The problem exists in all application areas. “Most design teams and IP vendors within AI/ML have focusing on rule number one — provide processing horsepower matched to the workload,” says Steve Roddy, chief marketing officer at Quadric. “But they have neglected rule number two — don’t burden the application software developer. Most ML solutions have offloaded a portion of the graph processing from a legacy CPU or DSP, but not the entire ML graph workload. This further complicating the life of the software developer.”

Change is hard. “We want to get there,” says Cadence’s Wall. “It is an immensely challenging problem to have a software development environment completely decoupled from the architecture.
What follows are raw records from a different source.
Lemma exists_word h : exists s, (h \in G) ==> (word_perm s == h).
Proof.
have [Gh | _] := boolP (h \in G); last by exists [::].
by have [s <-] := word_perm_onto Gh; exists s; rewrite eqxx implybT.
Qed.

Definition word h := xchoose (exists_word h).

Lemma wordK h : h \in G -> word_perm (word h) = h.
Proof. by move=> Gh; have /implyP/(_ Gh)/eqP := xchooseP (exists_word h). Qed.

Definition lambda (g h : {perm X}) := word_perm (map g (word h)).

Lemma mem_lambda g h : lambda g h \in G. Proof. exact: mem_word_perm. Qed.

Lemma lambda_word g t : g \in G -> lambda g (word_perm t) = word_perm (map g t).
Proof.
move=> Gg; apply: (mulgI g); rewrite /lambda -(wordK Gg) -!word_perm_cat.
rewrite word_perm_catC (word_perm_catC _ t) !word_perm_cat.
by rewrite wordK ?mem_word_perm.
Qed.

Lemma lambda_sigma g x : g \in G -> lambda g (sigma x) = sigma (g x).
Proof.
have sigmaW y : sigma y = word_perm [:: y] by rewrite /word_perm /= mul1g perm1.
by move=> Gg; rewrite sigmaW lambda_word // sigmaW.
Qed.

Lemma lambdaM g k h :
  g \in G -> k \in G -> lambda (g * k) h = lambda k (lambda g h).
Proof.
move=> Gg Gk; rewrite [lambda g h]/lambda lambda_word // -map_comp.
by congr word_perm; apply: eq_map => y /=; rewrite permM.
Qed.

Lemma lambda1g h : h \in G -> lambda 1 h = h.
Proof.
move=> Gh; rewrite /lambda (eq_map (g := id)) ?map_id ?wordK // => y.
by rewrite perm1.
Qed.

Lemma lambdag1 g : g \in G -> lambda g 1 = 1.
Proof. by move=> Gg; rewrite -[1]/(word_perm [::]) lambda_word. Qed.

Lemma lambdaK g h : g \in G -> h \in G -> lambda g^-1 (lambda g h) = h.
Proof. by move=> Gg Gh; rewrite -lambdaM ?groupV // mulgV lambda1g. Qed.

Lemma lambda_inj g : g \in G -> {in G &, injective (lambda g)}.
Proof.
by move=> Gg h k Gh Gk eq_hk; rewrite -(lambdaK Gg Gh) eq_hk lambdaK.
Qed.

Definition badd (h k : {perm X}) := h * lambda h k.

Lemma badd_word s t : badd (word_perm s) (word_perm t) = word_perm (s ++ t).
Proof. by rewrite /badd lambda_word ?mem_word_perm // word_perm_cat. Qed.

Lemma baddE h k : h \in G -> k \in G -> badd h k = word_perm (word h ++ word k).
Proof. by move=> Gh Gk; rewrite -badd_word !wordK. Qed.

Lemma mem_badd h k : h \in G -> badd h k \in G.
Proof. by move=> Gh; rewrite groupM // mem_lambda. Qed.

Lemma baddC h k : h \in G -> k \in G -> badd h k = badd k h.
Proof. by move=> Gh Gk; rewrite !baddE // word_perm_catC. Qed.

Lemma badd1g h : h \in G -> badd 1 h = h.
Proof. by move=> Gh; rewrite /badd lambda1g // mul1g. Qed.

Lemma baddg1 h : h \in G -> badd h 1 = h.
Proof. by move=> Gh; rewrite /badd lambdag1 // mulg1. Qed.

Lemma baddA h k l : h \in G -> k \in G -> l \in G ->
  badd (badd h k) l = badd h (badd k l).
Proof.
move=> Gh Gk Gl; rewrite (baddE Gh Gk) (baddE Gk Gl).
by rewrite -{1}(wordK Gl) -{2}(wordK Gh) !badd_word catA.
Qed.

Lemma lambda_badd g h k : g \in G -> h \in G -> k \in G ->
  lambda g (badd h k) = badd (lambda g h) (lambda g k).
Proof.
move=> Gg Gh Gk; rewrite (baddE Gh Gk) lambda_word // map_cat -badd_word.
by rewrite -!lambda_word // !wordK.
Qed.

Lemma baddI h : h \in G -> {in G &, injective (badd h)}.
Proof. by move=> Gh a b Ga Gb /mulgI; apply: lambda_inj. Qed.

Definition shift_fun (h a : {perm X}) :=
  if (a \in G) && (h \in G) then badd a h else a.

Lemma shift_fun_inj h : injective (shift_fun h).
Proof.
rewrite /shift_fun => a b; have [Gh | _] := boolP (h \in G); last first.
  by rewrite !andbF.
rewrite !andbT.
case: (boolP (a \in G)) => Ga; case: (boolP (b \in G)) => Gb //.
- by rewrite !(baddC _ Gh) //; apply: baddI.
- by move=> eq_ab; case/negP: Gb; rewrite -eq_ab mem_badd.
- by move=> eq_ab; case/negP: Ga; rewrite eq_ab mem_badd.
Qed.

(* The additive group of the brace is realised as its group of translations;
   [shift h] is the identity off G, and for h outside G. *)
Definition shift h : {perm {perm X}} := perm (@shift_fun_inj h).

Lemma shiftE h a : h \in G -> a \in G -> shift h a = badd a h.
Proof. by move=> Gh Ga; rewrite permE /shift_fun Ga Gh. Qed.

Lemma shift_out h a : a \notin G -> shift h a = a.
Proof. by move=> Ga; rewrite permE /shift_fun (negbTE Ga). Qed.

Lemma shiftM h k : h \in G -> k \in G -> shift h * shift k = shift (badd h k).
Proof.
move=> Gh Gk; apply/permP => a; rewrite permM.
have [Ga | Ga] := boolP (a \in G); last by rewrite !shift_out.
by rewrite !shiftE ?mem_badd // baddA.
Qed.

Lemma shift1 : shift 1 = 1.
Proof.
apply/permP => a; rewrite perm1; have [Ga | Ga] := boolP (a \in G).
  by rewrite shiftE // baddg1.
by rewrite shift_out.
Qed.

Lemma shift_inj : {in G &, injective shift}.
Proof.
by move=> h k Gh Gk eq_hk; rewrite -(badd1g Gh) -shiftE // eq_hk shiftE ?badd1g.
Qed.

Lemma shift_eq1 h : h \in G -> (shift h == 1) = (h == 1).
Proof.
move=> Gh; apply/eqP/eqP => [h1 | ->]; last exact: shift1.
by apply: shift_inj; rewrite ?group1 ?shift1.
Qed.

Lemma group_set_shifts : group_set (shift @: G).
Proof.
apply/group_setP; split; first by apply/imsetP; exists 1; rewrite ?shift1.
move=> _ _ /imsetP[h Gh ->] /imsetP[k Gk ->]; rewrite shiftM //.
by apply/imsetP; exists (badd h k); rewrite ?mem_badd.
Qed.

Definition shifts := Group group_set_shifts.

Lemma card_shifts : #|shifts| = #|G|.
Proof. exact: card_in_imset shift_inj. Qed.

Lemma abelian_shifts : abelian shifts.
Proof.
apply/centsP => _ /imsetP[h Gh ->] _ /imsetP[k Gk ->].
by rewrite /commute !shiftM // baddC.
Qed.

Lemma shiftX_lambda g h m : g \in G -> h \in G ->
  (shift (lambda g h) ^+ m == 1) = (shift h ^+ m == 1).
Proof.
move=> Gg Gh; pose bmul i k := iter i (badd k) 1.
have Gbmul i k : k \in G -> bmul i k \in G.
  by move=> Gk; elim: i => [|i IHi] /=; rewrite ?group1 ?mem_badd.
have shiftX i k : k \in G -> shift k ^+ i = shift (bmul i k).
  move=> Gk; elim: i => [|i IHi]; first by rewrite expg0 shift1.
  by rewrite expgS IHi shiftM ?Gbmul.
have lambda_bmul i : lambda g (bmul i h) = bmul i (lambda g h).
  elim: i => [|i IHi] /=; first by rewrite lambdag1.
  by rewrite lambda_badd ?Gbmul // IHi.
rewrite !shiftX ?mem_lambda // !shift_eq1 ?Gbmul ?mem_lambda // -lambda_bmul.
apply/eqP/eqP => [bmul1 | ->]; last exact: lambdag1.
by apply: (lambda_inj Gg); rewrite ?Gbmul ?group1 // lambdag1.
Qed.

End CycleSetBrace.

Section DihedralCycleSet.

Variables (X : finType) (op : X -> X -> X).
Hypothesis csX : is_cycle_set op.

Local Notation G := (perm_group_cs op).
Local Notation sigma := (sigma csX).
Local Notation lambda := (lambda csX).
Local Notation badd := (badd csX).
Local Notation shift := (shift csX).
Local Notation shifts := (shifts csX).

Variables (n : nat) (C : {group {perm X}}).
Hypotheses (odd_n : odd n) (n_gt1 : (1 < n)%N).
Hypotheses (sCG : C \subset G) (oG : #|G| = (2 * n)%N) (oC : #|C| = n).
Hypothesis abC : abelian C.
Hypothesis invC : {in G :\: C & C, forall g c, c ^ g = c^-1}.

Let oS : #|shifts| = (2 * n)%N. Proof. by rewrite card_shifts oG. Qed.

Lemma index_C : #|G : C| = 2.
Proof. by rewrite -(divgS sCG) oG /= oC mulnK // ltnW. Qed.

Lemma Hall_C : 2^'.-Hall(G) C.
Proof.
rewrite /pHall sCG /pgroup oC index_C pnatNK pnat_id // andbT.
by rewrite p'natE // dvdn2 odd_n.
Qed.

Lemma expg_C c : c \in C -> c ^+ n = 1.
Proof. by move=> Cc; rewrite -oC expg_cardG. Qed.

Lemma C_involution_trivial c : c \in C -> c ^+ 2 = 1 -> c = 1.
Proof. by move=> Cc; apply: odd_expg_involution_trivial odd_n (expg_C Cc). Qed.

Lemma C_sub_G c : c \in C -> c \in G.
Proof. exact: (subsetP sCG). Qed.

Definition add_torsion := [set h in G | shift h ^+ n == 1].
Even if one does take advantage of something like OpenMP, there’s always going to be some level of architectural dependency.”

So much is being left on the table. “What you leave on the table in terms of performance and efficiency — and the overall capability of the system when you design the hardware, and then chuck it over the wall or sell it to another company and then write the software — is huge,” says Klein. “There’s so much loss of capability, there’s so much loss of efficiency, so much loss of performance. I know of very few organizations where the necessary people sit down and design the hardware while thinking about the architecture of the software that’s going to run on it. What they’re almost always focused on is designing hardware to run any single-threaded application and trying to fit it in that mold. That may be starting to break down.”

It takes a team. “Understanding the issues takes a team effort,” says Schirrmeister. “It requires a set of architects and is an incredibly complex task. At the same time, system complexity is growing tremendously fast. We are approaching an era where the tools may become connected enough for this to actually work. We are connecting the tools vertically, and some flows are in place. There are some of the architecture optimization tools. We certainly don’t have the people who can run it all, so that’s an education problem. But if you combine it with machine learning and AI, then we have a chance — if you can afford the cycles to go through meaningful variations.”

Conclusion
For the past 25 years, people have been looking at the potential for system-level tools that could encompass hardware and software. Being able to optimize both and map one to the other has obvious advantages, but they clearly have never been enough to overcome the issue of software productivity. Getting to market faster is more important than a product that operates faster, consumes less power, or is cheaper. Many in the industry think that change is inevitable, but they have been wrong for a long time.